I need to find Arabella and bring her home. That thought alone fuels me up and over the gate.

My feet stumble onto the grass. The air is frigidly cold, the temperature dropping several notches with every step further from the shoreline I get. I clutch my opposite arms, shivering. A low fog creeps into the space between the rocks, making everything look gray and indistinct. I shiver again, rubbing away the gooseflesh on my bare arms. I’m exhausted, my limbs heavy and my head pounding. I want nothing more than to curl up somewhere warm and sleep for a thousand years. But I can’t afford to waste any time. I have to get to Arabella.

There are too many questions that need answers, and too many worries I might never be able to put to rest. So I keep walking across the eerie, silent grounds, searching the shadows for her, examining the ruins for signs of her existence. I force myself to endure the pain screaming through my body, ignoring the ice-cold breeze whipping my stiff cheeks. My eyelashes glitter with frozen gems. It’s January. I’m surprised the sea beneath us hasn’t frozen over, too. When I think my body’s about to give out, that’s when I finally see her.

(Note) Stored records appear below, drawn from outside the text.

Lemma placed_prod_dvd f (s : prime_slot f -> nat) (Q : pred 'I_k) i :
  (forall x, s x = i -> Q (tag x)) -> placed_prod s i %| \prod_(j | Q j) f j.
Proof.
move=> sQ; rewrite placed_prodE (bigID Q) /= [X in _ * X]big1 ?muln1; last first.
  by move=> j /negP Qj; apply: big1 => y /eqP/sQ.
apply: dvdn_prod => j _; apply: dvdn_trans (dvdn_prod_cond _ _) _.
rewrite (big_seq_sub xpredT id (primes_uniq _)); exact: dvdn_prod_primes.
Qed.

Definition places f (lo hi : 'I_k -> nat) :=
  family (fun x : prime_slot f => [pred i : 'I_k.+1 | lo (tag x) <= i < hi (tag x)]).

Lemma card_places f (lo hi : 'I_k -> nat) : (forall j, hi j <= k.+1) ->
  #|places f lo hi| = \prod_(j < k) (hi j - lo j) ^ omega (f j).
Proof.
move=> hik; rewrite card_family foldrE big_map big_enum /=.
rewrite (eq_bigr (fun x => hi (tag x) - lo (tag x))) => [|x _]; last exact: card_ord_range.
rewrite (@prod_tag _ (fun j => seq_sub (primes (f j))) (fun j => hi j - lo j)).
by apply: eq_bigr => j _; rewrite card_seq_sub ?primes_uniq.
Qed.

End PrimeSlots.

Section PrimePosition.
Variables (k : nat) (a d : 'I_k -> nat).
Hypothesis sqA : squarefree (\prod_(j < k) a j).
Hypothesis d_prefix : forall i : 'I_k,
  \prod_(j < k | j <= i) d j %| \prod_(j < k | j <= i) a j.

Local Notation A := (\prod_(j < k) a j).

Lemma a_gt0 j : 0 < a j.
Proof. exact: gt0_prodn (squarefree_gt0 sqA) j isT. Qed.

Lemma dvdn_prefix_d (i : 'I_k) : \prod_(j < k | j <= i) d j %| A.
Proof. exact: dvdn_trans (d_prefix i) (dvdn_prod_cond _ _). Qed.

Lemma dvdn_d (i : 'I_k) : d i %| A.
Proof. by apply: dvdn_trans (dvdn_prefix_d i); rewrite (bigD1 i) //= dvdn_mulr. Qed.

Lemma d_gt0 i : 0 < d i.
Proof. exact: dvdn_gt0 (squarefree_gt0 sqA) (dvdn_d i). Qed.

Lemma prime_dvdn_d_uniq p (i i' : 'I_k) : prime p -> p %| d i -> p %| d i' -> i = i'.
Proof.
wlog le_ii' : i i' / i <= i'.
  by move=> wl pp; case: (leqP i i') => [|/ltnW] le pi pi'; [|symmetry]; apply: wl.
move=> pp; apply: (squarefree_prod_uniq (P := fun j : 'I_k => j <= i')) => //.
exact: squarefree_dvd (dvdn_prefix_d i') sqA.
Qed.

(* The index of the unique [d i] divisible by [p], or [k] if there is none. *)
Definition prime_pos (p : nat) : nat :=
  if [pick i : 'I_k | p %| d i] is Some i then val i else k.

Lemma prime_pos_le p : prime_pos p <= k.
Proof. by rewrite /prime_pos; case: pickP => // i _; exact: ltnW (ltn_ord i). Qed.

Lemma prime_posE p (i : 'I_k) : prime p -> p %| d i -> prime_pos p = i.
Proof.
move=> pp pi; rewrite /prime_pos; case: pickP => [i' /= pi'|/(_ i)/=]; last by rewrite pi.
by rewrite (prime_dvdn_d_uniq pp pi' pi).
Qed.

Lemma prime_pos_dvd p (i : 'I_k) : prime_pos p = i -> p %| d i.
Proof.
rewrite /prime_pos; case: pickP => [i' /= pi' /val_inj <- //|_ ki].
by have := ltn_ord i; rewrite -ki ltnn.
Qed.

Lemma prime_pos_ge p j : prime p -> p %| a j -> j <= prime_pos p.
Proof.
move=> pp pj; have [ltk|] := ltnP (prime_pos p) k; last first.
  by move/(leq_trans (ltn_ord j))/ltnW.
pose i := Ordinal ltk.
have /(dvdn_trans (prime_pos_dvd (erefl : prime_pos p = i))) :
    d i %| \prod_(j < k | j <= i) a j.
  by apply: dvdn_trans (d_prefix i); rewrite (bigD1 i) //= dvdn_mulr.
rewrite Euclid_dvd_prod // big_has_cond => /hasP[j' _ /andP[le pj']].
by rewrite (squarefree_prod_uniq (P := xpredT) sqA pp isT isT pj pj').
Qed.

Lemma d_eq_part (i : 'I_k) : d i = A`_[pred p | prime_pos p == i].
Proof.
have d_pi : [pred p | prime_pos p == i].-nat (d i).
  apply/andP; split; first exact: d_gt0.
  by apply/allP => p; rewrite mem_primes => /and3P[pp _ pd]; rewrite inE (prime_posE pp pd).
rewrite -{1}(part_pnat_id d_pi).
apply: eq_partn_from_log; [exact: d_gt0|exact: squarefree_gt0|].
move=> p; rewrite inE => /eqP/prime_pos_dvd pd.
have [pp|npp] := boolP (prime p); last by rewrite lognE [RHS]lognE (negbTE npp).
have /squarefreeP[A0 /(_ p) logA] := sqA.
apply/eqP; rewrite eqn_leq dvdn_leq_log ?d_gt0 ?dvdn_d //=.
by apply: leq_trans logA _; rewrite logn_gt0 mem_primes pp d_gt0.
Qed.

Lemma d_eq_prod_parts (e : 'I_k -> nat) (i : 'I_k) : (forall j, e j %| a j) ->
  let rho := [pred p | prime_pos p == i] in
  d i = \prod_(j < k) ((e j)`_rho * (a j %/ e j)`_rho).
Proof.
move=> ea rho; rewrite d_eq_part partn_prod; last exact: a_gt0.
apply: eq_bigr => j _; have e0 : 0 < e j by apply: dvdn_gt0 (a_gt0 j) (ea j).
rewrite -partnM //; first by rewrite mulnC divnK.
by rewrite divn_gt0 // dvdn_leq // a_gt0.
Qed.

Lemma placed_prod_prime_pos f (h : prime_slot f -> nat) (i : nat) :
  (forall j, squarefree (f j)) -> (forall x, h x = prime_pos (slot_prime x)) ->
  placed_prod h i = \prod_(j < k) (f j)`_[pred p | prime_pos p == i].
Proof.
move=> sqf hE; rewrite (_ : h = fun x => prime_pos (slot_prime x)); last exact: funext.
rewrite placed_prod_comp; apply: eq_bigr => j _.
exact: (prod_primes_part [pred p | prime_pos p == i] (sqf j)).
Qed.

End PrimePosition.

Section StepFunctions.
Local Open Scope classical_set_scope.
Local Open Scope ring_scope.
Variable R : realType.
Local Notation leb := (@lebesgue_measure R).

Lemma iter_leb_ge0 n (f : seq R -> \bar R) :
  (forall x, (0 <= f x)%E) -> (0 <= iter_leb n f)%E.
Proof.
elim: n f => [|n IH] f f0 /=; first exact: f0.
by apply: integral_ge0 => x _; apply: IH.
Qed.

(* Unlike [ge0_le_integral], no measurability is needed: the integral of a
   nonnegative function is a supremum over the simple functions below it. *)
Lemma le_nonneg_integral (f g : R -> \bar R) :
  (forall x, (0 <= f x)%E) -> (forall x, (f x <= g x)%E) ->
  (\int[leb]_x f x <= \int[leb]_x g x)%E.
Proof.
move=> f0 fg; have g0 x : (0 <= g x)%E by apply: le_trans (fg x).
rewrite !ge0_integralTE //; apply: ereal_sup_le => _ [h hf <-]; exists h => //.
by move=> x; apply: le_trans (hf x) (fg x).
Qed.

Lemma le_iter_leb n (f g : seq R -> \bar R) :
  (forall x, (0 <= f x)%E) -> (forall x, (f x <= g x)%E) ->
  (iter_leb n f <= iter_leb n g)%E.
Proof.
elim: n f g => [|n IH] f g f0 fg /=; first exact: fg.
by apply: le_nonneg_integral => x; [apply: iter_leb_ge0|apply: IH].
Qed.

Definition itv_ind (l r y : R) : R := \1_([set` `[l, r[%R] : set R) y.

Lemma itv_ind_ge0 l r y : 0 <= itv_ind l r y.
Proof. by rewrite /itv_ind indicE. Qed.

Lemma itv_ind1 l r y : l <= y -> y < r -> itv_ind l r y = 1.
Proof. by move=> ly yr; rewrite /itv_ind indicE mem_set //= in_itv /= ly yr. Qed.

Lemma integral_itv_ind (w l r : R) : 0 <= w -> l <= r ->
  (\int[leb]_x (w * itv_ind l r x)%:E = (w * (r - l))%:E)%E.
Proof.
move=> w0 lr; under eq_integral do rewrite EFinM.
rewrite ge0_integralZl_EFin //; last 2 first.
- by move=> x _; rewrite lee_fin itv_ind_ge0.
- by apply/measurable_realfun.measurable_EFinP; apply: measurable_realfun.measurable_indic.
rewrite integral_indic // setIT.
have := lebesgue_measure_itv `[l, r[%R; rewrite /= => ->; rewrite lte_fin.
case: (ltP l r) => [_|rl]; first by rewrite -EFinB -EFinM.
by rewrite (_ : r = l) ?subrr ?mulr0 ?mule0 //; apply/le_anti; rewrite rl lr.
Qed.

Lemma iter_leb_boxes n (I : finType) (c : I -> R) (l r : I -> nat -> R) :
  (forall b, 0 <= c b) -> (forall b i, l b i <= r b i) ->
  iter_leb n (fun x =>
    (\sum_b c b * \prod_(i < n) itv_ind (l b i) (r b i) (nth 0 x i))%:E) =
  (\sum_b c b * \prod_(i < n) (r b i - l b i))%:E.
Proof.
elim: n c l r => [|n IH] c l r c0 lr /=.
  by congr (_%:E); apply: eq_bigr => b _; rewrite !big_ord0.
pose c' b := c b * \prod_(i < n) (r b i.+1 - l b i.+1).
have c'0 b : 0 <= c' b by rewrite mulr_ge0 // prodr_ge0 // => i _; rewrite subr_ge0.
have inner x : iter_leb n (fun t =>
    (\sum_b c b * \prod_(i < n.+1) itv_ind (l b i) (r b i) (nth 0 (x :: t) i))%:E) =
    (\sum_b c' b * itv_ind (l b 0) (r b 0) x)%:E.
  rewrite (eq_bigr (fun b => c b * itv_ind (l b 0) (r b 0) x *
    \prod_(i < n) (r b i.+1 - l b i.+1))); last by move=> b _; rewrite mulrAC.
  rewrite -(IH (fun b => c b * itv_ind (l b 0) (r b 0) x)
    (fun b i => l b i.+1) (fun b i => r b i.+1)) => [|b|b i]; last 2 first.
  - by rewrite mulr_ge0 ?itv_ind_ge0.
  - exact: lr.
  congr iter_leb; apply: funext => t; congr (_%:E); apply: eq_bigr => b _.
  by rewrite big_ord_recl /= mulrA.
under eq_integral => x _ do rewrite inner -sumEFin.
rewrite (@ge0_integral_sum _ _ _ leb setT measurableT I
  (fun b x => (c' b * itv_ind (l b 0) (r b 0) x)%:E)) => [|b|b x _]; last 2 first.
- apply/measurable_realfun.measurable_EFinP.
  by apply: measurable_realfun.measurable_funM => //; apply: measurable_realfun.measurable_indic.
- by rewrite lee_fin mulr_ge0 ?itv_ind_ge0.
rewrite -sumEFin; apply: eq_bigr => b _; rewrite integral_itv_ind ?lr //.
by rewrite big_ord_recl /= -mulrA [X in c b * X]mulrC.
Qed.

Definition step_fun n (f : seq R -> R) (v : R) :=
  exists (I : finType) (c : I -> R) (l r : I -> nat -> R),
    [/\ forall b, 0 <= c b, forall b i, l b i <= r b i,
       forall x, f x = \sum_b c b * \prod_(i < n) itv_ind (l b i) (r b i) (nth 0 x i) &
       v = \sum_b c b * \prod_(i < n) (r b i - l b i)].

Lemma step_fun_iter_leb n f v : step_fun n f v -> iter_leb n (fun x => (f x)%:E) = v%:E.
Proof.
move=> [I [c [l [r [c0 lr hf ->]]]]]; rewrite -iter_leb_boxes //.
by congr iter_leb; apply: funext => x; rewrite hf.
Qed.

Lemma step_fun_ge0 n f v : step_fun n f v -> forall x, 0 <= f x.
Proof.
move=> [I [c [l [r [c0 lr hf _]]]]] x; rewrite hf sumr_ge0 // => b _.
by rewrite mulr_ge0 // prodr_ge0 // => i _; exact: itv_ind_ge0.
Qed.

Lemma step_fun0 n : step_fun n (fun=> 0) 0.
Proof.
exists void, (fun=> 0), (fun _ _ => 0), (fun _ _ => 0).
by split; [case|case|move=> x; rewrite big1 // => -[]|rewrite big1 // => -[]].
Qed.

Lemma step_funD n f g v w :
  step_fun n f v -> step_fun n g w -> step_fun n (fun x => f x + g x) (v + w).
Proof.
move=> [I [c [l [r [c0 lr hf ->]]]]] [J [c' [l' [r' [c0' lr' hg ->]]]]].
exists (I + J)%type, (fun b => match b with inl b => c b | inr b => c' b end),
  (fun b => match b with inl b => l b | inr b => l' b end),
  (fun b => match b with inl b => r b | inr b => r' b end).
by split; [case|case|move=> x; rewrite hf hg big_sumType|rewrite big_sumType].
Qed.

Lemma step_fun_sum n (J : Type) (s : seq J) (P : pred J) F V :
  (forall j, P j -> step_fun n (F j) (V j)) ->
  step_fun n (fun x => \sum_(j <- s | P j) F j x) (\sum_(j <- s | P j) V j).
Proof.
move=> FV; elim: s => [|j s IH].
  rewrite big_nil (_ : (fun x => _) = fun=> 0); first exact: step_fun0.
  by apply: funext => x; rewrite big_nil.
rewrite big_cons; case Pj: (P j); last first.
  by congr step_fun: IH; apply: funext => x; rewrite big_cons Pj.
by congr step_fun: (step_funD (FV j Pj) IH); apply: funext => x; rewrite big_cons Pj.
Qed.

Lemma step_fun_box n (l r : nat -> R) : (forall i, l i <= r i) ->
  step_fun n (fun x => \prod_(i < n) itv_ind (l i) (r i) (nth 0 x i))
             (\prod_(i < n) (r i - l i)).
Proof.
move=> lr; exists unit, (fun=> 1), (fun=> l), (fun=> r).
by split => // [x|]; rewrite big_const card_unit /= ?addr0 mul1r.
Qed.

End StepFunctions.

Section LnNat.
Local Open Scope ring_scope.
Context {R : realType}.

Lemma ln_half_le n : (0 < n)%N -> ln (n%:R / 2 : R) <= ln n%:R.
Proof.
move=> n0; have np : (0 : R) < n%:R by rewrite ltr0n.
by rewrite ler_ln ?posrE ?divr_gt0 // ler_pdivrMr // ler_peMr // ?ler1n // ltW.
Qed.

Lemma ln_nat_half n : (0 < n)%N -> ln (n%:R : R) - ln (n%:R / 2) = ln 2.
Proof. by move=> n0; rewrite ln_div ?posrE ?ltr0n // opprB addrC subrK. Qed.

Lemma ler_ln_nat m n : (0 < m)%N -> (m <= n)%N -> ln (m%:R : R) <= ln n%:R.
Proof.
move=> m0 mn; have n0 := leq_trans m0 mn.
by rewrite ler_ln ?posrE ?ltr0n // ler_nat.
Qed.

Lemma ler_ln_half_nat m n :
  (0 < m)%N -> (m <= n)%N -> ln (m%:R / 2 : R) <= ln (n%:R / 2).
Proof.
move=> m0 mn; have n0 := leq_trans m0 mn.
by rewrite ler_ln ?posrE ?divr_gt0 ?ltr0n // ler_pM2r ?invr_gt0 ?ltr0n // ler_nat.
Qed.

End LnNat.

Section Dominant.
Local Open Scope ring_scope.
Variables (R : realType) (k : nat) (z : nat -> nat) (a : 'I_k -> nat).
Hypothesis z0 : z 0 = 0%N.
Hypothesis z_top : z k.+1 = k.
Hypothesis z_mono : forall i, (i <= k)%N -> (z i <= z i.+1)%N.
Hypothesis z_low : forall i, (1 <= i <= k)%N -> (i - 1 <= z i)%N.
Hypothesis sqA : squarefree (\prod_(j < k) a j).

Local Notation A := (\prod_(j < k) a j).
Local Notation divisor := {ffun 'I_k -> 'I_A.+1}.

Definition low_part (e : divisor) (j : 'I_k) : nat := e j.
Definition high_part (e : divisor) (j : 'I_k) : nat := a j %/ e j.
Definition prefix_prod (m : nat) : nat := \prod_(j < k | (j < m)%N) a j.

(* A placement puts each prime of [a j] on a coordinate of [R^k]; coordinate
   [k] means that the prime is put nowhere. *)
Definition low_places (e : divisor) :=
  places (low_part e) (fun j => j) (fun j => z j.+1).
Definition high_places (e : divisor) :=
  places (high_part e) (fun j => z j.+1) (fun=> k.+1).

Local Notation low_placement e := {ffun prime_slot (low_part e) -> 'I_k.+1}.
Local Notation high_placement e := {ffun prime_slot (high_part e) -> 'I_k.+1}.

Definition low_prod e (s : low_placement e) i :=
  placed_prod (fun x => nat_of_ord (s x)) i.
Definition high_prod e (t : high_placement e) i :=
  placed_prod (fun y => nat_of_ord (t y)) i.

She stands motionless at the furthest point of the land, staring at the dark outline of the sea. Her silhouette is shrouded in the misty night, lit only by the stars and the moon. Her posture is straight, unmoving, but tense, as though waiting for me to creep up on her. She looks unreal in her beautiful beaded dress, like some kind of ghost haunting the castle ruins. At some point, her long plait must have come loose, her dark hair flowing freely in the wind.

I stop walking, my body as tense as a spring. And suddenly I’m not freezing anymore — not really. It’s like every sensation has been cut off from me, and all I can do is stare at her in amazement. I’m not dreaming. I’ve found her.